Dataset entries:

Definition is_preorder (T : Type) (le : T -> T -> Prop) :=
  (forall x, le x x) /\ (forall x y z, le x y -> le y z -> le x z).

Definition graph (T : Type) (le : T -> T -> Prop) : set (T * T) :=
  [set p | le p.1 p.2].

Definition closed_preorder (T : topologicalType) (le : T -> T -> Prop) :=
  is_preorder le /\ closed (graph le).

Definition tychonoff_space (R : realType) (T : topologicalType) :=
  (forall (a : T) (B : set T), closed B -> ~ B a ->
     exists f : T -> R, continuous f /\ (forall x, 0 <= f x <= 1) /\
       f a = 0 /\ (forall b, B b -> f b = 1))
  /\ hausdorff_space T.

Definition cont_isotone01 (R : realType) (E : topologicalType)
    (le : E -> E -> Prop) (f : E -> R) :=
  continuous f /\ (forall x, 0 <= f x <= 1) /\
  (forall x y, le x y -> f x <= f y).

Definition stone_cech (E bE : topologicalType) (beta : E -> bE) :=
  compact [set: bE] /\ hausdorff_space bE /\ continuous beta /\
  forall (K : topologicalType), compact [set: K] -> hausdorff_space K ->
  forall g : E -> K, continuous g ->
    (exists h : bE -> K, continuous h /\ h \o beta = g) /\
    (forall h1 h2 : bE -> K, continuous h1 -> continuous h2 ->
       h1 \o beta = g -> h2 \o beta = g -> h1 = h2).

Definition le_beta (R : realType) (E bE : topologicalType) (beta : E -> bE)
    (le : E -> E -> Prop) (x y : bE) :=
  forall f : E -> R, cont_isotone01 le f ->
  forall ft : bE -> R, continuous ft -> ft \o beta = f -> ft x <= ft y.

From HB Require Import structures.
From mathcomp Require Import all_boot all_order all_algebra.
From mathcomp Require Import all_classical all_reals all_analysis.
From mathcomp Require Import lra.
Import Order.TTheory GRing.Theory Num.Theory.
Import numFieldNormedType.Exports.
Local Open Scope classical_set_scope.
Local Open Scope ring_scope.
Lemma accept_hop_forward T s w :
    (0, [:: (s, 0)]) \in T -> tracker_closed T -> accept (run s w) ->
  0 < count id w /\ (1 < count id w -> exists2 w', hop w w' & accept (run s w')).
Proof.
move=> T_init /allP closedT acc.
have T_run : tracker_run s w \in T.
  apply: (foldl_inv (P := mem T)) => // t c /closedT /and3P[? ? _]; by case: c.
have [count_w run_w tracks_w] := tracker_run_spec s w.
have /and3P[_ _ /allP ok_run] := closedT _ T_run.
have /= /implyP/(_ acc)/andP[pos_w two_w] := ok_run _ run_w.
rewrite count_w in pos_w two_w; split; first by move: pos_w; case: (count id w).
move=> gt1_w; have min2 : minn (count id w) 2 == 2.
  by rewrite eqn_leq geq_minr leq_min gt1_w.
case/hasP: (implyP two_w min2) => -[q k] t_qk /andP[/eqP/= k5 acc_q].
by move: acc_q; have := tracks_w _ t_qk; rewrite /= k5 => -[w' h ->]; exists w'.
Qed.

End DFA.

Definition seteq (S T : seq regex) := all (mem T) S && all (mem S) T.

Lemma seteqP S T : reflect (S =i T) (seteq S T).
Proof.
apply: (iffP andP) => [[/allP ST /allP TS] x|eqST].
  by apply/idP/idP; [apply: ST|apply: TS].
by split; apply/allP => x; rewrite inE eqST.
Qed.

Fixpoint explore (fuel : nat) (states : seq (seq regex)) (i : nat) :=
  if fuel is fuel'.+1 then
    if i < size states then
      let X := nth [::] states i in
      let add states T := if has (seteq T) states then states else rcons states T in
      explore fuel' (add (add states (pderivs false X)) (pderivs true X)) i.+1
    else states
  else states.

Definition dfa_states := Eval vm_compute in explore 200 [:: [:: L_padded]] 0.

Definition dfa_size := size dfa_states.

Definition dfa_table := Eval vm_compute in
  [seq (find (seteq (pderivs false X)) dfa_states,
        find (seteq (pderivs true X)) dfa_states) | X <- dfa_states].

Definition dfa_delta i (b : bool) :=
  let: (i0, i1) := nth (0, 0) dfa_table i in if b then i1 else i0.

Definition dfa_accept i := has nullable (nth [::] dfa_states i).

Lemma dfa_delta_spec i b : i < dfa_size ->
  dfa_delta i b < dfa_size /\
  nth [::] dfa_states (dfa_delta i b) =i pderivs b (nth [::] dfa_states i).
Proof.
have /allP dfa_ok : all (fun i => all (fun b =>
    (dfa_delta i b < dfa_size) &&
    seteq (pderivs b (nth [::] dfa_states i)) (nth [::] dfa_states (dfa_delta i b)))
  [:: false; true]) (iota 0 dfa_size) by vm_compute.
move=> lt_i; have := dfa_ok i; rewrite mem_iota lt_i => /(_ isT)/allP/(_ b).
by rewrite inE; case: b => /(_ isT)/andP[-> /seteqP eq_b]; split=> // x; rewrite eq_b.
Qed.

TASK TO COMPLETE
Transcribe the full set of records without altering a single character.

SOLUTION BELOW
Definition is_preorder (T : Type) (le : T -> T -> Prop) :=
  (forall x, le x x) /\ (forall x y z, le x y -> le y z -> le x z).

Definition graph (T : Type) (le : T -> T -> Prop) : set (T * T) :=
  [set p | le p.1 p.2].

Definition closed_preorder (T : topologicalType) (le : T -> T -> Prop) :=
  is_preorder le /\ closed (graph le).

Definition tychonoff_space (R : realType) (T : topologicalType) :=
  (forall (a : T) (B : set T), closed B -> ~ B a ->
     exists f : T -> R, continuous f /\ (forall x, 0 <= f x <= 1) /\
       f a = 0 /\ (forall b, B b -> f b = 1))
  /\ hausdorff_space T.

Definition cont_isotone01 (R : realType) (E : topologicalType)
    (le : E -> E -> Prop) (f : E -> R) :=
  continuous f /\ (forall x, 0 <= f x <= 1) /\
  (forall x y, le x y -> f x <= f y).

Definition stone_cech (E bE : topologicalType) (beta : E -> bE) :=
  compact [set: bE] /\ hausdorff_space bE /\ continuous beta /\
  forall (K : topologicalType), compact [set: K] -> hausdorff_space K ->
  forall g : E -> K, continuous g ->
    (exists h : bE -> K, continuous h /\ h \o beta = g) /\
    (forall h1 h2 : bE -> K, continuous h1 -> continuous h2 ->
       h1 \o beta = g -> h2 \o beta = g -> h1 = h2).

Definition le_beta (R : realType) (E bE : topologicalType) (beta : E -> bE)
    (le : E -> E -> Prop) (x y : bE) :=
  forall f : E -> R, cont_isotone01 le f ->
  forall ft : bE -> R, continuous ft -> ft \o beta = f -> ft x <= ft y.

From HB Require Import structures.
From mathcomp Require Import all_boot all_order all_algebra.
From mathcomp Require Import all_classical all_reals all_analysis.
From mathcomp Require Import lra.
Import Order.TTheory GRing.Theory Num.Theory.
Import numFieldNormedType.Exports.
Local Open Scope classical_set_scope.
Local Open Scope ring_scope.
Lemma accept_hop_forward T s w :
    (0, [:: (s, 0)]) \in T -> tracker_closed T -> accept (run s w) ->
  0 < count id w /\ (1 < count id w -> exists2 w', hop w w' & accept (run s w')).
Proof.
move=> T_init /allP closedT acc.
have T_run : tracker_run s w \in T.
  apply: (foldl_inv (P := mem T)) => // t c /closedT /and3P[? ? _]; by case: c.
have [count_w run_w tracks_w] := tracker_run_spec s w.
have /and3P[_ _ /allP ok_run] := closedT _ T_run.
have /= /implyP/(_ acc)/andP[pos_w two_w] := ok_run _ run_w.
rewrite count_w in pos_w two_w; split; first by move: pos_w; case: (count id w).
move=> gt1_w; have min2 : minn (count id w) 2 == 2.
  by rewrite eqn_leq geq_minr leq_min gt1_w.
case/hasP: (implyP two_w min2) => -[q k] t_qk /andP[/eqP/= k5 acc_q].
by move: acc_q; have := tracks_w _ t_qk; rewrite /= k5 => -[w' h ->]; exists w'.
Qed.

End DFA.

Definition seteq (S T : seq regex) := all (mem T) S && all (mem S) T.

Lemma seteqP S T : reflect (S =i T) (seteq S T).
Proof.
apply: (iffP andP) => [[/allP ST /allP TS] x|eqST].
  by apply/idP/idP; [apply: ST|apply: TS].
by split; apply/allP => x; rewrite inE eqST.
Qed.

Fixpoint explore (fuel : nat) (states : seq (seq regex)) (i : nat) :=
  if fuel is fuel'.+1 then
    if i < size states then
      let X := nth [::] states i in
      let add states T := if has (seteq T) states then states else rcons states T in
      explore fuel' (add (add states (pderivs false X)) (pderivs true X)) i.+1
    else states
  else states.

Definition dfa_states := Eval vm_compute in explore 200 [:: [:: L_padded]] 0.

Definition dfa_size := size dfa_states.

Definition dfa_table := Eval vm_compute in
  [seq (find (seteq (pderivs false X)) dfa_states,
        find (seteq (pderivs true X)) dfa_states) | X <- dfa_states].

Definition dfa_delta i (b : bool) :=
  let: (i0, i1) := nth (0, 0) dfa_table i in if b then i1 else i0.

Definition dfa_accept i := has nullable (nth [::] dfa_states i).

Lemma dfa_delta_spec i b : i < dfa_size ->
  dfa_delta i b < dfa_size /\
  nth [::] dfa_states (dfa_delta i b) =i pderivs b (nth [::] dfa_states i).
Proof.
have /allP dfa_ok : all (fun i => all (fun b =>
    (dfa_delta i b < dfa_size) &&
    seteq (pderivs b (nth [::] dfa_states i)) (nth [::] dfa_states (dfa_delta i b)))
  [:: false; true]) (iota 0 dfa_size) by vm_compute.
move=> lt_i; have := dfa_ok i; rewrite mem_iota lt_i => /(_ isT)/allP/(_ b).
by rewrite inE; case: b => /(_ isT)/andP[-> /seteqP eq_b]; split=> // x; rewrite eq_b.
Qed.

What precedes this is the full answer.